I think that catching indexing errors will not help, because the catching logic may stop/fail (e.g. application restart/redeployment) and those errors get lost -> cluster out of sync. Anything done after the DB transaction commit may fail and would lead to out-of-sync situation.
The same applies to storing a queue of entities to index in Kafka - how are you going to sync that queue with the database? The transaction is done, push to Kafka fails -> cluster out-of-sync.
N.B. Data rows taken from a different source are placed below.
(* Let $f$ be a $2\pi$-periodic continuous function with modulus of continuity $\omega(t)$, and let $A=(a_{n,k})$ be a lower triangular infinite matrix of real numbers ($a_{n,k}=0$ for $k>n$) with $a_{n,k}\ge 0$ and $\sum_{k=0}^n a_{n,k}=1$ for all $n$. Let $\beta\ge0$ and suppose \[ \sum_{k=m}^{\infty}(k+1)^{\beta}\left|\frac{a_{n,k}}{(k+1)^{\beta}}-\frac{a_{n,k+1}}{(k+2)^{\beta}}\right|=\mathcal{O}(a_{n,m}) \] for all $m=0,1,\dots,n$ and $n=0,1,\dots$. Then \[ \|T_{n,A}(f)-f\|=\mathcal{O}\left(\omega\left(\frac{\pi}{n+1}\right)+\sum_{v=1}^{n}v^{-1}\omega\left(\frac{\pi}{v}\right)\sum_{j=0}^{v}a_{n,j}\right). \]
   Context: $S_k(f;x)$ is the $k$-th partial sum of the Fourier series of $f$ at $x$, and $T_{n,A}(f;x):=\sum_{k=0}^n a_{n,k}S_k(f;x)$. $\|\cdot\|$ is the sup-norm. $\omega(\delta)=\sup_{|h|\le\delta}\sup_x|f(x+h)-f(x)|$. The notation $u=\mathcal{O}(v)$ means $u\le Cv$ for a positive constant $C$ (independent of $n$). *)

From Stdlib Require Import Reals List.
From Coquelicot Require Import Coquelicot.
Open Scope R_scope.

(* sum_{k=m}^{n} g k ; equals 0 when n < m *)
Definition sumR (m n : nat) (g : nat -> R) : R :=
  fold_right Rplus 0 (map g (seq m (S n - m))).

Definition fourier_a (f : R -> R) (k : nat) : R :=
  / PI * RInt (fun t => f t * cos (INR k * t)) (- PI) PI.
Definition fourier_b (f : R -> R) (k : nat) : R :=
  / PI * RInt (fun t => f t * sin (INR k * t)) (- PI) PI.

Definition S_partial (f : R -> R) (k : nat) (x : R) : R :=
  fourier_a f 0 / 2 +
  sumR 1 k (fun j => fourier_a f j * cos (INR j * x) + fourier_b f j * sin (INR j * x)).

Definition T_nA (a : nat -> nat -> R) (f : R -> R) (n : nat) (x : R) : R :=
  sumR 0 n (fun k => a n k * S_partial f k x).

Definition modulus (f : R -> R) (d : R) : R :=
  real (Lub_Rbar (fun y => exists h x, Rabs h <= d /\ y = Rabs (f (x + h) - f x))).

(* Write D_k for the Dirichlet kernel and K_n := sum_k a_{n,k} D_k.  Since K_n is even,
   pi (T_{n,A}(f;x) - f(x)) = int_0^pi (f(x+t) + f(x-t) - 2 f(x)) K_n(t) dt,
   and the integrand is at most 2 omega(t) |K_n(t)|.  On [0, pi/(n+1)] we use |K_n| <= n + 1.
   For pi/(v+1) < t <= pi we have 2 sin(t/2) K_n(t) = sum_k a_{n,k} sin((k+1/2)t).  Split this
   sum at any m <= v: the head is at most sum_{j<=v} a_{n,j}; summing the tail by parts against
   the weights (k+1)^beta, whose weighted sine sums are O((k+1)^beta / sin(t/2)), the hypothesis
   on A bounds it by K a_{n,m} / sin(t/2).  Averaging over m = 0..v and using
   sin(t/2) >= 1/(2(v+1)) gives |K_n(t)| <= (1+2K)(v+1) sum_{j<=v} a_{n,j}, and integrating over
   the intervals [pi/(v+1), pi/v] yields the bound. *)

From Stdlib Require Import Reals List Lra Lia.
From Coquelicot Require Import Coquelicot.
Open Scope R_scope.

Lemma sumR_empty m n g : (n < m)%nat -> sumR m n g = 0.
Proof. intros H; unfold sumR. replace (S n - m)%nat with 0%nat by lia. reflexivity. Qed.

Lemma sumR_single m g : sumR m m g = g m.
Proof. unfold sumR. replace (S m - m)%nat with 1%nat by lia. simpl. ring. Qed.

Lemma sumR_Sr m n g : (m <= S n)%nat -> sumR m (S n) g = sumR m n g + g (S n).
Proof.
  intros H; unfold sumR.
  replace (S (S n) - m)%nat with (S (S n - m)) by lia.
  rewrite seq_S, map_app, fold_right_app; cbn [fold_right map].
  replace (m + (S n - m))%nat with (S n) by lia.
  induction (map g (seq m (S n - m))) as [|y l IH]; simpl; [ring|].
  rewrite IH; ring.
Qed.

Lemma sumR_le m n f g :
  (forall k, (m <= k <= n)%nat -> f k <= g k) -> sumR m n f <= sumR m n g.
Proof.
  intros H; unfold sumR.
  assert (Hl : forall k, In k (seq m (S n - m)) -> f k <= g k)
    by (intros k Hk; apply in_seq in Hk; apply H; lia).
  induction (seq m (S n - m)) as [|k l IH]; simpl in *; [lra|].
  apply Rplus_le_compat; auto.
Qed.

Lemma sumR_ext m n f g :
  (forall k, (m <= k <= n)%nat -> f k = g k) -> sumR m n f = sumR m n g.
Proof.
  intros H; apply Rle_antisym; apply sumR_le; intros k Hk; rewrite H by exact Hk; lra.
Qed.

Lemma sumR_plus m n f g : sumR m n (fun k => f k + g k) = sumR m n f + sumR m n g.
Proof. unfold sumR; induction (seq m (S n - m)); simpl; [|rewrite IHl]; ring. Qed.

Lemma sumR_scal m n c g : sumR m n (fun k => c * g k) = c * sumR m n g.
Proof. unfold sumR; induction (seq m (S n - m)); simpl; [|rewrite IHl]; ring. Qed.

Lemma sumR_const m n c : sumR m n (fun _ => c) = INR (S n - m) * c.
Proof.
  unfold sumR; generalize (S n - m)%nat as d; intros d; revert m.
  induction d as [|d IH]; intros p; cbn [seq map fold_right]; [simpl; ring|].
  rewrite IH, S_INR; ring.
Qed.

Lemma Rabs_sumR_le m n g : Rabs (sumR m n g) <= sumR m n (fun k => Rabs (g k)).
Proof.
  unfold sumR; induction (seq m (S n - m)); simpl; [rewrite Rabs_R0; lra|].
  eapply Rle_trans; [apply Rabs_triang | lra].
Qed.

Lemma sumR_nonneg m n g : (forall k, (m <= k <= n)%nat -> 0 <= g k) -> 0 <= sumR m n g.
Proof.
  intros H. replace 0 with (sumR m n (fun _ => 0)) by (rewrite sumR_const; ring).
  apply sumR_le; exact H.
Qed.

Lemma sumR_split m p n g : (m <= p <= n)%nat -> sumR m n g = sumR m p g + sumR (S p) n g.
Proof.
  intros [Hmp Hpn]; induction Hpn as [|n Hpn IH].
  - rewrite (sumR_empty (S p)) by lia; ring.
  - rewrite !sumR_Sr, IH by lia; ring.
Qed.

Lemma sumR_le_upper m p q g : (forall k, 0 <= g k) -> (p <= q)%nat -> sumR m p g <= sumR m q g.
Proof.
  intros Hg Hpq; induction Hpq as [|q Hpq IH]; [lra|].
  destruct (Nat.le_gt_cases m (S q)).
  - rewrite sumR_Sr by lia; specialize (Hg (S q)); lra.
  - rewrite !sumR_empty in * by lia; lra.
Qed.

Lemma sumR_shift m d g : sumR 0 d (fun i => g (m + i)%nat) = sumR m (m + d) g.
Proof.
  induction d as [|d IH].
  - rewrite Nat.add_0_r, !sumR_single, Nat.add_0_r; reflexivity.
  - rewrite Nat.add_succ_r, !sumR_Sr, IH, Nat.add_succ_r by lia; reflexivity.
Qed.

Lemma sumR_by_parts (b c : nat -> R) m q : (m <= q)%nat ->
  sumR m q (fun k => b k * c k) =
  sumR m q (fun k => (b k - b (S k)) * sumR m k c) + b (S q) * sumR m q c.
Proof.
  intros Hmq; induction Hmq as [|q Hmq IH].
  - rewrite !sumR_single; ring.
  - rewrite !(sumR_Sr m q), IH by lia; ring.
Qed.

Lemma Rabs_sumR_weighted_diff_le (w c : nat -> R) m q : (m <= q)%nat ->
  (forall k, 0 <= w k) -> (forall k, w k <= w (S k)) -> (forall k, Rabs (c k) <= 1) ->
  Rabs (sumR m q (fun k => w k * (c k - c (S k)))) <= 2 * w q.
Proof.
  intros Hmq Hw Hmono Hc.
  (* The partial sum plus [w p * c (S p)] equals
     [w m * c m + sum_(m < k <= p) (w k - w (k-1)) * c k]. *)
  assert (Hpartial : forall p, (m <= p)%nat ->
    Rabs (sumR m p (fun k => w k * (c k - c (S k))) + w p * c (S p)) <= w p).
  { intros p Hmp; induction Hmp as [|p Hmp IH].
    - rewrite sumR_single.
      replace (w m * (c m - c (S m)) + w m * c (S m)) with (w m * c m) by ring.
      rewrite Rabs_mult, (Rabs_right (w m)) by (apply Rle_ge, Hw).
      specialize (Hc m); specialize (Hw m); nra.
    - rewrite sumR_Sr by lia.
      set (s := sumR m p _) in *.
      replace (s + w (S p) * (c (S p) - c (S (S p))) + w (S p) * c (S (S p)))
        with ((s + w p * c (S p)) + (w (S p) - w p) * c (S p)) by ring.
      eapply Rle_trans; [apply Rabs_triang|].
      rewrite Rabs_mult, (Rabs_right (w (S p) - w p)) by (specialize (Hmono p); lra).
      specialize (Hc (S p)); specialize (Hmono p); nra. }
  specialize (Hpartial q Hmq).
  set (s := sumR m q _) in *.
  replace s with ((s + w q * c (S q)) - w q * c (S q)) by ring.
  eapply Rle_trans; [apply Rabs_triang|].
  rewrite Rabs_Ropp, Rabs_mult, (Rabs_right (w q)) by (apply Rle_ge, Hw).
  specialize (Hc (S q)); specialize (Hw q); nra.
Qed.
In order to make it safe, I see only one way: the fact, which entities need to be indexed, must be stored together with those entities in the same DB inside the same transaction used to update/insert/delete those entities (a separate table aka event sourcing). In this case it is guaranteed that the knowledge of which entities to index will not be lost. Storing that knowledge in any other system (Kafka or a file system) would require 2-phase commit, which is quite a pain and usually not an option. When automatic indexing succeeds it has to mark those entities/events as processed. If automatic indexing fails, those entities/events must be retried by an async process. Or do I miss something?
If you want that level of safety, then yes, you’re out of luck with the current versions of Hibernate Search. It’s simply not what it was designed for. We generally assume that this level of failure requires full reindexing. From experience on non-distributed applications, it wasn’t a problem; it will probably be on large-scale distributed applications.
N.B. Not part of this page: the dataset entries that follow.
(* If $p=1/2$, then for every $t\ge0$, $$\mathbb{P}(X_t=O)=\sum_{x\in\mathcal{U}_0}\mathbb{P}(X_{t/2}=x)^2.$$
   Context: The simple exclusion process on $\mathbb{Z}$ with parameter $p\in(0,1)$: each site is occupied by at most one particle; each particle attempts to jump one site to the right at rate $p$ and one site to the left at rate $1-p$, an attempt succeeding iff the target site is empty. $O$ is the configuration with every negative site occupied and every non-negative site empty; $\mathcal{U}_0$ is the set of configurations in which the number of particles in $[0,\infty)$ is finite and equal to the number of holes in $(-\infty,0)$ (the set of states reachable from $O$). $\mathbb{P}$ is the law of the process started from $O$, $X_t$ the state at time $t$. *)

From Stdlib Require Import Reals Lra Lia ZArith List Bool.
Import ListNotations.
Open Scope R_scope.

(** Configurations of the exclusion process on Z: [eta z = true] iff site z
    is occupied. *)
Definition config := Z -> bool.

Definition O_cfg : config := fun z => (z <? 0)%Z.

Fixpoint particles_right (eta : config) (N : nat) : nat :=
  match N with
  | O => 0%nat
  | S n => (particles_right eta n + (if eta (Z.of_nat n) then 1 else 0))%nat
  end.

Fixpoint holes_left (eta : config) (N : nat) : nat :=
  match N with
  | O => 0%nat
  | S n => (holes_left eta n + (if eta (- Z.of_nat n - 1)%Z then 0 else 1))%nat
  end.

Definition agrees_outside (eta : config) (N : nat) : Prop :=
  forall z : Z, (z < - Z.of_nat N \/ Z.of_nat N <= z)%Z -> eta z = O_cfg z.

(** U_0: finitely many particles in [0,oo), finitely many holes in (-oo,0),
    and these two numbers are equal.  (Both finite <=> eta agrees with O
    outside some finite window [-N,N); the counts are then the window counts.) *)
Definition in_U0 (eta : config) : Prop :=
  exists N : nat, agrees_outside eta N /\ particles_right eta N = holes_left eta N.

(** Rate at which the pair of sites (z, z+1) gets exchanged: a particle at z
    jumps right to an empty z+1 at rate p, a particle at z+1 jumps left to an
    empty z at rate 1-p. *)
Definition pair_rate (p : R) (eta : config) (z : Z) : R :=
  match eta z, eta (z + 1)%Z with
  | true, false => p
  | false, true => 1 - p
  | _, _ => 0
  end.

Definition swap (eta : config) (z : Z) : config :=
  fun w => if (w =? z)%Z then eta (z + 1)%Z
           else if (w =? z + 1)%Z then eta z else eta w.

Definition sum_window (N : nat) (f : Z -> R) : R :=
  fold_right Rplus 0
    (map (fun k => f (Z.of_nat k - Z.of_nat N - 1)%Z) (seq 0 (2 * N + 2))).

(** Right-hand side of the Kolmogorov forward equation at state x, for any
    N with x agreeing with O outside [-N,N) (all pairs (z,z+1) with z outside
    [-N-1,N] have rate 0 for x and for every swap of x). *)
Definition forward_rhs (p : R) (P : R -> config -> R) (t : R) (x : config)
  (N : nat) : R :=
  sum_window N (fun z =>
    pair_rate p (swap x z) z * P t (swap x z) - pair_rate p x z * P t x).

Fixpoint all_bool_lists (n : nat) : list (list bool) :=
  match n with
  | O => [nil]
  | S m => flat_map (fun l => [true :: l; false :: l]) (all_bool_lists m)
  end.

Definition cfg_of (N : nat) (l : list bool) : config :=
  fun z => if ((- Z.of_nat N <=? z) && (z <? Z.of_nat N))%Z
           then nth (Z.to_nat (z + Z.of_nat N)) l false
           else O_cfg z.

Definition window_configs (N : nat) : list (list bool) :=
  filter (fun l => Nat.eqb (particles_right (cfg_of N l) N)
                           (holes_left (cfg_of N l) N))
         (all_bool_lists (2 * N)).

(** partial sums of sum_{x in U_0} g x; for nonnegative g they increase to
    the value of the series *)
Definition U0_partial_sum (N : nat) (g : config -> R) : R :=
  fold_right Rplus 0 (map (fun l => g (cfg_of N l)) (window_configs N)).

(** [P t x] = P(X_t = x) for the exclusion process with parameter p started
    from O, characterised as the (unique, since the chain on U_0 is
    non-explosive) honest nonnegative solution of the Kolmogorov forward
    equations with initial condition delta_O. *)
Definition exclusion_marginals_from_O (p : R) (P : R -> config -> R) : Prop :=
  P 0 O_cfg = 1 /\
  (forall x, in_U0 x -> x <> O_cfg -> P 0 x = 0) /\
  (forall t x, 0 <= t -> in_U0 x -> 0 <= P t x) /\
  (forall t, 0 <= t -> Un_cv (fun N => U0_partial_sum N (P t)) 1) /\
  (forall x, in_U0 x -> forall eps, 0 < eps ->
      exists delta, 0 < delta /\
        forall s, 0 <= s < delta -> Rabs (P s x - P 0 x) < eps) /\
  (forall x N, in_U0 x -> agrees_outside x N -> forall t, 0 < t ->
      derivable_pt_lim (fun s => P s x) t (forward_rhs p P t x N)).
Regarding sync, be aware that you’ll never get complete, immediate consistency between the database and the index. The best we can hope for is eventual consistency: after X seconds, database changes are mirrored in the index. Some people use automatic indexing for most of their data, but exclude some associations because it would slow down their application too much. They launch a full reindexing periodically, and accept that the index may be out of sync in the meantime. What level of consistency you can accept is, obviously, specific to your own requirements.
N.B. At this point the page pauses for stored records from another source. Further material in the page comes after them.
Lemma is_pseries_expm1_pow n x :
  is_pseries (expm1_pow_coef n) x ((exp x - 1) ^ n).
Proof.
revert x; induction n as [|n IH]; intros x.
- apply (is_series_ext (fun k => scal (pow_n x k) (unit_coef k))).
  + intros k. now rewrite expm1_pow_coef_0.
  + apply is_pseries_unit_coef.
- apply (is_series_ext (fun k => scal (pow_n x k)
           (PS_mult (expm1_pow_coef n) expm1_coef k))).
  + intros k. now rewrite TruncatedSeries.PS_mult_expm1_pow_coef.
  + rewrite <- tech_pow_Rmult, Rmult_comm.
    apply is_pseries_mult; [apply IH | apply is_pseries_expm1 | |];
      eapply CV_radius_infinite; [apply IH | apply is_pseries_expm1].
Qed.

Lemma CV_radius_expm1_div x : Rbar_lt (Rabs x) (CV_radius expm1_div_coef).
Proof.
rewrite <- CV_radius_incr_1.
exact (CV_radius_infinite _ _ is_pseries_expm1 x).
Qed.

Lemma expm1_eq_mul_PSeries x : exp x - 1 = x * PSeries expm1_div_coef x.
Proof.
rewrite <- PSeries_incr_1. symmetry.
apply is_pseries_unique, is_pseries_expm1.
Qed.

Lemma CV_radius_bernoulli : Rbar_le (/ 2) (CV_radius bernoulli_coef).
Proof.
apply CV_radius_ge_inv; [lra | apply TruncatedSeries.bernoulli_coef_bound].
Qed.

Lemma PSeries_expm1_div_mul_bernoulli x : Rabs x < / 2 ->
  PSeries expm1_div_coef x * PSeries bernoulli_coef x = 1.
Proof.
intros Hx.
assert (Hb : Rbar_lt (Rabs x) (CV_radius bernoulli_coef)).
{ apply Rbar_lt_le_trans with (/ 2); [exact Hx | apply CV_radius_bernoulli]. }
rewrite <- PSeries_mult by (apply CV_radius_expm1_div || exact Hb).
rewrite (PSeries_ext _ unit_coef)
  by exact TruncatedSeries.PS_mult_expm1_div_bernoulli.
apply is_pseries_unique, is_pseries_unit_coef.
Qed.

Definition bernoulli_neg_coef (n : nat) : R := (-1) ^ n * bernoulli_coef n.

Definition G_coef (i : nat) : nat -> R := PS_incr_n bernoulli_neg_coef i.

Lemma PSeries_bernoulli_neg v :
  PSeries bernoulli_neg_coef v = PSeries bernoulli_coef (- v).
Proof.
apply Series_ext. intros n. unfold bernoulli_neg_coef.
replace (- v) with (-1 * v) by ring. rewrite Rpow_mult_distr. ring.
Qed.

Lemma CV_radius_G_coef i : Rbar_le (/ 2) (CV_radius (G_coef i)).
Proof.
unfold G_coef. rewrite CV_radius_incr_n.
apply CV_radius_ge_inv; [lra|]. intros n. unfold bernoulli_neg_coef.
rewrite Rabs_mult, <- RPow_abs, Rabs_m1, pow1, Rmult_1_l.
apply TruncatedSeries.bernoulli_coef_bound.
Qed.

Lemma G_eq_PSeries i v : v <> 0 -> Rabs v < / 2 ->
  G (S i) v = PSeries (G_coef i) v.
Proof.
intros Hv Hva. unfold G. destruct (Req_EM_T v 0) as [|_]; [contradiction|].
unfold G_coef. rewrite PSeries_incr_n, PSeries_bernoulli_neg.
assert (HFB := PSeries_expm1_div_mul_bernoulli (- v)
                 ltac:(rewrite Rabs_Ropp; exact Hva)).
assert (HF : 1 - exp (- v) = v * PSeries expm1_div_coef (- v)).
{ replace (1 - exp (- v)) with (- (exp (- v) - 1)) by ring.
  rewrite expm1_eq_mul_PSeries. ring. }
assert (HF0 : PSeries expm1_div_coef (- v) <> 0).
{ intros E. rewrite E in HFB. lra. }
rewrite HF. simpl pow. field_simplify_eq; [| split; assumption].
rewrite Rmult_assoc, HFB. ring.
Qed.

Lemma Derive_n_G i v : v <> 0 -> Rabs v < / 2 ->
  Derive_n (G (S i)) (S i) v = PSeries (PS_derive_n (S i) (G_coef i)) v.
Proof.
intros Hv Hva.
assert (He : 0 < Rmin (Rabs v) (/ 2 - Rabs v)).
{ apply Rmin_pos; [apply Rabs_pos_lt; exact Hv | lra]. }
rewrite (Derive_n_ext_loc _ (PSeries (G_coef i))).
- apply Derive_n_PSeries.
  apply Rbar_lt_le_trans with (/ 2); [exact Hva | apply CV_radius_G_coef].
- apply (locally_Rabs _ _ _ He). intros y Hy.
  generalize (Rmin_l (Rabs v) (/ 2 - Rabs v)) (Rmin_r (Rabs v) (/ 2 - Rabs v))
    (Rabs_triang_inv v y) (Rabs_triang_inv y v).
  rewrite (Rabs_minus_sym v y). intros.
  apply G_eq_PSeries; [intros ->; rewrite Rabs_R0 in * |]; lra.
Qed.

Definition gfrak_coef (i : nat) : nat -> R :=
  PS_mult (PS_derive_n (S i) (G_coef i)) (expm1_pow_coef (S (S i))).

Lemma gfrak_eq_PSeries i v : Rabs v < / 2 ->
  gfrak (S i) v = PSeries (gfrak_coef i) v.
Proof.
intros Hva. destruct (Req_EM_T v 0) as [->|Hv].
- rewrite PSeries_0. unfold gfrak, gfrak_coef, PS_mult, expm1_pow_coef.
  simpl sum_f_R0. simpl stirling2.
  rewrite exp_0, Rminus_eq_0, pow_i by lia. unfold Rdiv.
  now rewrite !Rmult_0_r, !Rmult_0_l, Rmult_0_r.
- unfold gfrak, gfrak_coef.
  rewrite PSeries_mult, (Derive_n_G i v Hv Hva).
  + rewrite (is_pseries_unique _ _ _ (is_pseries_expm1_pow _ v)).
    apply Rmult_comm.
  + rewrite CV_radius_derive_n.
    apply Rbar_lt_le_trans with (/ 2); [exact Hva | apply CV_radius_G_coef].
  + eapply CV_radius_infinite, is_pseries_expm1_pow.
Qed.

Lemma Derive_n_gfrak_0 i k :
  Derive_n (gfrak (S i)) k 0 = gfrak_coef i k * INR (fact k).
Proof.
assert (Hhalf : 0 < / 2) by lra.
rewrite (Derive_n_ext_loc _ (PSeries (gfrak_coef i))).
- apply Derive_n_coef.
  apply Rbar_lt_le_trans with (/ 4); [simpl; lra|].
  apply ex_pseries_CV_radius_ge, ex_pseries_mult.
  + rewrite CV_radius_derive_n.
    apply Rbar_lt_le_trans with (/ 2); [simpl; rewrite Rabs_right; lra|].
    apply CV_radius_G_coef.
  + eapply CV_radius_infinite, is_pseries_expm1_pow.
- apply (locally_Rabs _ _ _ Hhalf). intros y Hy.
  apply gfrak_eq_PSeries. now rewrite Rminus_0_r in Hy.
Qed.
Regarding Kafka, there are multiple solutions to ensuring no events are lost:
- The transactional outbox pattern you mentioned.
- Some kind of two-phase commit, though I doubt it’s available/efficient with Kafka.
- Some custom, simpler two-phase commit: send the events to a Kafka queue with the explicit instruction that they should not be processed before X seconds, where X is a number of seconds beyond which you’re reasonably certain the commit will have been performed. Rollbacks don’t matter in this case: we’d just reindex unnecessarily.
- Change Data Capture, e.g. with Debezium: we’d source the events from the database’s transaction log instead of sourcing them from Hibernate ORM like we currently do.
Which solution we’ll pick exactly is not determined yet. If you’re interested in shaping out a prototype, we can definitely talk about it here or on our chat.
yes, eventual consistency is unavoidable in such a case. Important is that the index catches up with the database at some point and no updates get lost.
Outbox seems to me to be the least intrusive solution. Just an additional table for storing the events and some synchronisation logic above to make it work in a clustered environment (e.g. when the application runs in several pods on Kubernetes). Easy to setup, no infrastructure needed. I used to implement outbox using Quartz Scheduler - it can synchronise the jobs in a clustered environment and it just needs a few additional tables in the database, which it creates and manages automatically. So Hibernate Search could implement similar logic (without Quartz of course ;)). Kafka and Debezium would require additional infrastructure and would rather scare people.
I am on the chat already ;). Is there a topic for that already?